The Elements of Innovation Discovered

Nickel: bringing green tech home

Critical Minerals Alliances 2024 - September 16, 2024

Nickel's continuing journey toward clean processes and domestic production.

Nickel has a complex relationship with the ongoing energy transition: It provides relatively inexpensive energy density and greater capacity to the lithium-ion batteries powering electric vehicles and storing clean energy, helping to lower the cost of each kilowatt hour. Its properties have been instrumental in untethering the portable electronics we use every day and incorporating clean power produced by renewables such as wind and solar to industry and grids formerly reliant on fossil fuels.

Its drawbacks involve a long history of unsustainable extraction and refining processes.

Nickel's versatility has placed the silvery metal into nearly every aspect of daily life – from spoons to surgical tools, automobiles to bridges, jet engines to construction equipment, and construction itself. It has many advantages, including good catalytic activity, high mechanical strength, excellent corrosion resistance and thermal conductivity.

Transition tech

Today, nickel also plays an increasingly significant role in the energy transition. In the coming years, expect its use to grow exponentially – an increase of around 65% by the end of the decade. Global demand for nickel is predicted to steadily grow to 3.47 million tons in 2024 from 3.2 million in 2023 due to its usage in fuel storage and EV batteries.

Nickel's leading use today is in steelmaking, the backbone of global industry, which accounts for about two million metric tons. The battery industry follows with 465,000 metric tons.

According to the United States Global Survey (USGS), "the leading uses for primary nickel are alloys and steels, electroplating, and other uses including catalysts and chemicals. Stainless and alloy steel and nickel-containing alloys typically account for more than 85% of domestic consumption."

Nickel became widely used in rechargeable batteries, most commonly in nickel-cadmium (NiCd) and in the longer-lasting nickel-metal-hydride (NiMH), which came to the fore in the 1980s, introducing the world to smaller, high-powered, and longer-lasting portable devices.

The mid-90s saw the first significant use of NiMH batteries in hybrid vehicles like the Toyota Prius. Around the same time, commercial lithium-ion batteries for personal electronics burst onto the scene.

To keep up with government- and industry-proposed climate goal trajectories, the total mineral requirements by clean energy technologies are forecast to rise significantly over the next decade. (The EV and energy storage markets are only the beginning – nickel is needed for high-performance alloys used in constructing massive wind turbines and solar panels as well.)

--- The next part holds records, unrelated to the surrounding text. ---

Lemma xvar_neq_vvar (k : 'I_n.+3) : (k <= n)%N -> (vvar == k) = false.
Proof. by move=> kn; apply/negbTE/eqP => E; move: kn; rewrite -E vvarE; lia. Qed.

Definition uv_mnm (m : 'X_{1..2}) : 'X_{1..n.+3} :=
  (U_(uvar) *+ m ord0 + U_(vvar) *+ m (lift ord0 ord0))%MM.

Lemma uv_mnm_u m : uv_mnm m uvar = m ord0.
Proof. by rewrite mnmDE !mulmnE !mnm1E eqxx vvar_uvar /= mul1n mul0n addn0. Qed.

Lemma uv_mnm_v m : uv_mnm m vvar = m (lift ord0 ord0).
Proof. by rewrite mnmDE !mulmnE !mnm1E eqxx uvar_vvar /= mul1n mul0n. Qed.

Lemma uv_mnm_x m (k : 'I_n.+3) : (k <= n)%N -> uv_mnm m k = 0%N.
Proof. by move=> kn; rewrite mnmDE !mulmnE !mnm1E xvar_neq_uvar ?xvar_neq_vvar. Qed.

Lemma uv_mnm_inj : injective uv_mnm.
Proof.
move=> m1 m2 E; apply/mnmP => -[[|[|i]] Hi] //.
- have -> : Ordinal Hi = ord0 by apply: val_inj.
  by rewrite -!uv_mnm_u E.
- have -> : Ordinal Hi = lift ord0 ord0 by apply: val_inj.
  by rewrite -!uv_mnm_v E.
Qed.

Lemma mdeg_uv_mnm m : mdeg (uv_mnm m) = mdeg m.
Proof.
rewrite /uv_mnm mdegD !mdegMn !mdeg1 !mul1n [RHS]mdegE.
by rewrite !big_ord_recl big_ord0 addn0.
Qed.

Lemma uv_embedX m : embed ('X_[m] : {mpoly K[2]}) = 'X_[uv_mnm m].
Proof.
rewrite /uv_embed comp_mpolyX !big_ord_recl big_ord0 mulr1 /=.
by rewrite /uv_mnm mpolyXD -!mpolyXn; congr (_ ^+ _ * _ ^+ _); rewrite /tnth.
Qed.

Lemma uv_embedE q : embed q = \sum_(m <- msupp q) q@_m *: 'X_[uv_mnm m].
Proof. by rewrite /uv_embed comp_mpolyEX; apply: eq_bigr => m _; rewrite -uv_embedX. Qed.

Lemma mcoeff_uv_embed q m : (embed q)@_(uv_mnm m) = q@_m.
Proof.
rewrite uv_embedE; transitivity ((\sum_(m0 <- msupp q) q@_m0 *: 'X_[m0])@_m).
  rewrite !raddf_sum /=; apply: eq_bigr => m' _.
  by rewrite !mcoeffZ !mcoeffX (inj_eq uv_mnm_inj).
by rewrite -mpolyE.
Qed.

Lemma uv_embed_eq0 q : embed q = 0 -> q = 0.
Proof. by move=> E; apply/mpolyP => m; rewrite -mcoeff_uv_embed E !mcoeff0. Qed.

Lemma xfree_uv_embed q : xfree (embed q).
Proof.
rewrite uv_embedE; apply: xfree_sum => m _; apply: xfreeZ => m'.
rewrite mcoeffX; case: (eqVneq (uv_mnm m) m') => [<- _ k kn|]; last by rewrite eqxx.
exact: uv_mnm_x.
Qed.

Lemma dhomog_uv_embed d q : q \is d.-homog -> embed q \is d.-homog.
Proof.
move=> /dhomogP hq; rewrite uv_embedE big_seq; apply: rpred_sum => m mq.
by apply: rpredZ; rewrite dhomogX /= mdeg_uv_mnm hq.
Qed.

Lemma mdeg_xfree (m : 'X_{1..n.+3}) : (forall k : 'I_n.+3, (k <= n)%N -> m k = 0%N) ->
  mdeg m = (m uvar + m vvar)%N.
Proof.
move=> mx; rewrite mdegE (bigD1 uvar) // (bigD1 vvar) /=; last by rewrite vvar_uvar.
rewrite big1 ?addn0 // => i /andP[iu iv].
by case: (var_cases i) => [E|E|/mx //]; [move: iu | move: iv]; rewrite E eqxx.
Qed.

Definition uv_mnm_of_deg (D a : nat) : 'X_{1..n.+3} :=
  (U_(uvar) *+ a + U_(vvar) *+ (D - a))%MM.

Lemma xfree_mnmE D (m : 'X_{1..n.+3}) :
  (forall k : 'I_n.+3, (k <= n)%N -> m k = 0%N) ->
  mdeg m = D -> m = uv_mnm_of_deg D (m uvar).
Proof.
move=> mx; rewrite mdeg_xfree // => E; apply/mnmP => i.
rewrite mnmDE !mulmnE !mnm1E.
case: (var_cases i) => [->|->|le].
- by rewrite eqxx vvar_uvar /=; lia.
- by rewrite eqxx uvar_vvar /=; lia.
by rewrite xvar_neq_uvar // xvar_neq_vvar // mx.
Qed.

(* The forms of degree D in u, v alone have the D + 1 coordinates
   h_(u^a v^(D-a)), so more than D + 1 of them are linearly dependent. *)
Lemma xfree_dhomog_dep (D : nat) (H : 'I_n.+1 -> S) : (D < n)%N ->
  (forall k, xfree (H k)) -> (forall k, H k \is D.-homog) ->
  exists2 w : 'I_n.+1 -> K, exists k, w k != 0 & \sum_k w k *: H k = 0.
Proof.
move=> Dn Hx Hh.
pose A : 'M[K]_(n.+1, D.+1) := \matrix_(k, a) (H k)@_(uv_mnm_of_deg D a).
have rk : \rank (kermx A) != 0%N by rewrite mxrank_ker; have := rank_leq_col A; lia.
have [i nzi] : exists i, row i (kermx A) != 0.
  apply/existsP; apply: contraR rk => /existsPn Hr.
  rewrite (_ : kermx A = 0) ?mxrank0 //; apply/row_matrixP => i.
  by move: (Hr i); rewrite negbK => /eqP ->; rewrite row0.
pose w k := row i (kermx A) 0 k.
have wA : row i (kermx A) *m A = 0 by rewrite -row_mul mulmx_ker row0.
exists w.
  apply/existsP; apply: contraR nzi => /existsPn Hw; apply/eqP/rowP => k.
  by move: (Hw k); rewrite negbK /w => /eqP ->; rewrite mxE.
apply/mpolyP => m; rewrite mcoeff0.
have sx : xfree (\sum_k w k *: H k) by apply: xfree_sum => k _; apply/xfreeZ.
have sh : \sum_k w k *: H k \is D.-homog by apply: rpred_sum => k _; apply/rpredZ.
case: (eqVneq (\sum_k w k *: H k)@_m 0) => // nz.
have md : mdeg m = D by move/dhomogP: sh; apply; rewrite mcoeff_msupp.
have mu : (m uvar < D.+1)%N by rewrite ltnS -md mdeg_xfree ?leq_addr //; exact: sx.
move/rowP: wA => /(_ (Ordinal mu)); rewrite !mxE => E.
rewrite (xfree_mnmE (sx m nz) md) raddf_sum /=; apply: etrans E; apply: eq_bigr => k _.
by rewrite mcoeffZ /w !mxE.
Qed.

End UVEmbedding.

Section LinearForms.
Variables (K : fieldType) (n : nat).
Local Notation S := {mpoly K[n.+3]}.

Lemma mnm1_eq (i j : 'I_n.+3) : (U_(i) == U_(j) :> 'X_{1..n.+3})%MM = (i == j).
Proof.
apply/eqP/eqP => [E|-> //]; move/mnmP/(_ i): E; rewrite !mnm1E eqxx.
by case: (eqVneq j i).
Qed.

Lemma dhomog1E (l : S) : l \is 1.-homog -> l = \sum_(i < n.+3) l@_(U_(i)) *: 'X_i.
Proof.
move=> /dhomogP hl; apply/mpolyP => m; rewrite raddf_sum /=.
case: (boolP (m \in msupp l)) => [ml|nml].
  have /mdeg1P [j /eqP Ej] : mdeg m == 1%N by rewrite hl.
  rewrite (bigD1 j) //= big1 ?addr0; first by rewrite mcoeffZ mcoeffX Ej eqxx mulr1.
  by move=> i ij; rewrite mcoeffZ mcoeffX Ej mnm1_eq (negbTE ij) mulr0.
rewrite (memN_msupp_eq0 nml) big1 // => i _; rewrite mcoeffZ mcoeffX.
by case: eqP => [->|_]; rewrite ?(memN_msupp_eq0 nml) ?mul0r ?mulr0.
Qed.

Lemma act_dhomog1_xfree (l h : S) : l \is 1.-homog -> xfree h ->
  act l h = l@_(U_(uvar n)) *: h^`M(uvar n) + l@_(U_(vvar n)) *: h^`M(vvar n).
Proof.
move=> hl xh; rewrite {1}(dhomog1E hl) act_suml (bigD1 (uvar n)) //.
rewrite (bigD1 (vvar n)) /=; last by rewrite vvar_uvar.
rewrite big1 ?addr0 ?actZl ?act_var ?addrA // => i /andP[iu iv].
rewrite actZl act_var; case: (var_cases i) => [E|E|le].
- by move: iu; rewrite E eqxx.
- by move: iv; rewrite E eqxx.
by rewrite (mderiv_xfree xh le) scaler0.
Qed.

jonathanfilskov-photography for iStock

Batteries are set to overtake stainless steel as the largest end-user of nickel – but that's only the tip of the iceberg – nickel is also needed for high-performance alloys used for wind turbines and solar installations.

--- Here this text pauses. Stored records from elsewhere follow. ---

Lemma abs_ge0 x : Rle R0 (abs x). Proof. by case: hU. Qed.
Lemma abs_eq0 x : abs x = R0 <-> x = 0. Proof. by case: hU => _ []. Qed.
Lemma absM x y : abs (x * y) = Rmult (abs x) (abs y). Proof. by case: hU => _ [] _ []. Qed.
Lemma absD x y : Rle (abs (x + y)) (Rmax (abs x) (abs y)).
Proof. by case: hU => _ [] _ []. Qed.

Lemma abs0 : abs 0 = R0. Proof. exact/abs_eq0. Qed.

Lemma abs1 : abs 1 = R1.
Proof.
  have h := absM 1 1; rewrite mulr1 in h.
  have h1 : abs 1 <> R0 by move/abs_eq0/eqP; rewrite oner_eq0.
  have := abs_ge0 1; nra.
Qed.

Lemma absN x : abs (- x) = abs x.
Proof.
  have hN1 : abs (-1) = R1.
    have h := absM (-1) (-1); rewrite mulrNN mulr1 abs1 in h.
    have := abs_ge0 (-1); nra.
  by rewrite -mulN1r absM hN1 Rmult_1_l.
Qed.

Lemma absB x y : abs (x - y) = abs (y - x). Proof. by rewrite -opprB absN. Qed.

Lemma absX x n : abs (x ^+ n) = pow (abs x) n.
Proof. by elim: n => [|n IH]; rewrite ?expr0 ?abs1 // exprS absM IH. Qed.

Lemma absV x : x != 0 -> abs (x^-1) = Rinv (abs x).
Proof.
  move=> hx; have h := absM x x^-1; rewrite mulfV // abs1 in h.
  have h1 : abs x <> R0 by move/abs_eq0/eqP; apply/negP.
  by field_simplify_eq; [lra | exact: h1].
Qed.

Lemma absD_le x y B : Rle (abs x) B -> Rle (abs y) B -> Rle (abs (x + y)) B.
Proof. by move=> hx hy; apply: Rle_trans (absD x y) _; apply: Rmax_lub. Qed.

Lemma abs_sum_le (I : Type) (r : seq I) (P : pred I) (F : I -> K) (B : R) :
  Rle R0 B -> (forall i, P i -> Rle (abs (F i)) B) ->
  Rle (abs (\sum_(i <- r | P i) F i)) B.
Proof.
  move=> hB hF; apply: (big_ind (fun x => Rle (abs x) B)) => //.
  - by rewrite abs0.
  - move=> x y hx hy; exact: (absD_le hx hy).
Qed.

Definition vring (x : K) : Prop := Rle (abs x) R1.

"The biggest source of demand variance comes from the uncertainty surrounding announced and expected climate ambitions," the International Energy Agency (IEA) inked in a report on critical minerals. "Governments have a key role to play in reducing uncertainty by sending strong and consistent signals about their climate ambitions and implementing specific policies to fulfill these long-term goals."

Batteries are set to overtake stainless steel by 2040 as the largest end-user of nickel.

The U.S.-proposed growth of hydrogen hubs, fuel and fuel cells also boosts nickel requirements for use in catalysts and electrolyzers; geothermal power is also a major employer of nickel.

"Of the total mineral demand from all low-carbon power sources in 2040, geothermal accounts for 80% of nickel demand, nearly half of the total chromium and molybdenum demand, and 40% of titanium demand," the IEA wrote.

According to a meta-analysis by the International Energy Forum (IEF), annual needs for nickel driven by energy transition technologies combined could increase from less than one million metric tons today to two to five million metric tons by 2050.

Imports vs. domestic supply

America relies on imports for more than half of its annual nickel consumption, with about 45% supplied from Canada and the balance is covered mainly by Australia, Norway, and Finland. Canadian nickel imports to the U.S. have increased over the years from $527 million in 2022 to $1.04 billion in 2024.

Last year, the U.S. produced an estimated 17,000 metric tons of nickel, all from the Eagle Mine in Michigan (the only U.S. nickel mine in operation). This was a decrease of more than 10,000 metric tons from 2015. Global overproduction has kept prices low – sometimes too low to justify production.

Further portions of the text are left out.